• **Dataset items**
----

Lemma rat_embed_continuous : continuous_at_zero z 0 rat_embed.
Proof.
move=> r r_gt0.
have small_z a : ~ (z < a)%O -> rat_embed a < r.
  move=> za; suff -> : a = z by rewrite rat_embed_z.
  by apply/le_anti; rewrite z_min andbT leNgt; apply/negP.
have [[s0 zs0]|no_pos] := classic (exists s0, (z < s0)%O); last first.
  by left=> a; apply: small_z => za; apply: no_pos; exists a.
have [N N_r] := exists_inv_nat_lt r_gt0.
have [a za gap] := exists_gap zs0 N.
right; have [[b zba]|empty] := classic (exists b, (z < b < a)%O); last first.
  by exists a => // b ba; apply: small_z => zb; apply: empty; exists b; rewrite zb.
have ex_m : exists m, (z < p m < a)%O by exists (c b); rewrite cK.
case: (@ex_minnP (fun m => (z < p m < a)%O) ex_m) => m /andP[zm ma] m_min.
have cm : c (p m) = m by case: (p_code m) => // pmz; move: zm; rewrite pmz ltxx.
exists (p m) => // b' b'm; apply: lt_le_trans (rat_embed_lt b'm) _.
have m_ge_N : (N <= m)%N by rewrite leqNgt; apply/negP => /gap; rewrite zm ma.
have label_m : label z p m <= m.+1%:R^-1.
  apply: label_le_inv => j jm pjm; apply/le_anti; rewrite z_min andbT leNgt.
  by apply/negP => zj; have := m_min j; rewrite zj (lt_trans pjm ma) leqNgt jm => /(_ isT).
rewrite /rat_embed cm; apply/ltW/le_lt_trans/N_r/(le_trans label_m).
by rewrite lef_pV2 ?posrE ?ltr0Sn // ler_nat ltnS.
Qed.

----

• **Task brief**
Work out the number of lines in the records containing the word "empty". Write only that number.

• **Solution to the problem**
2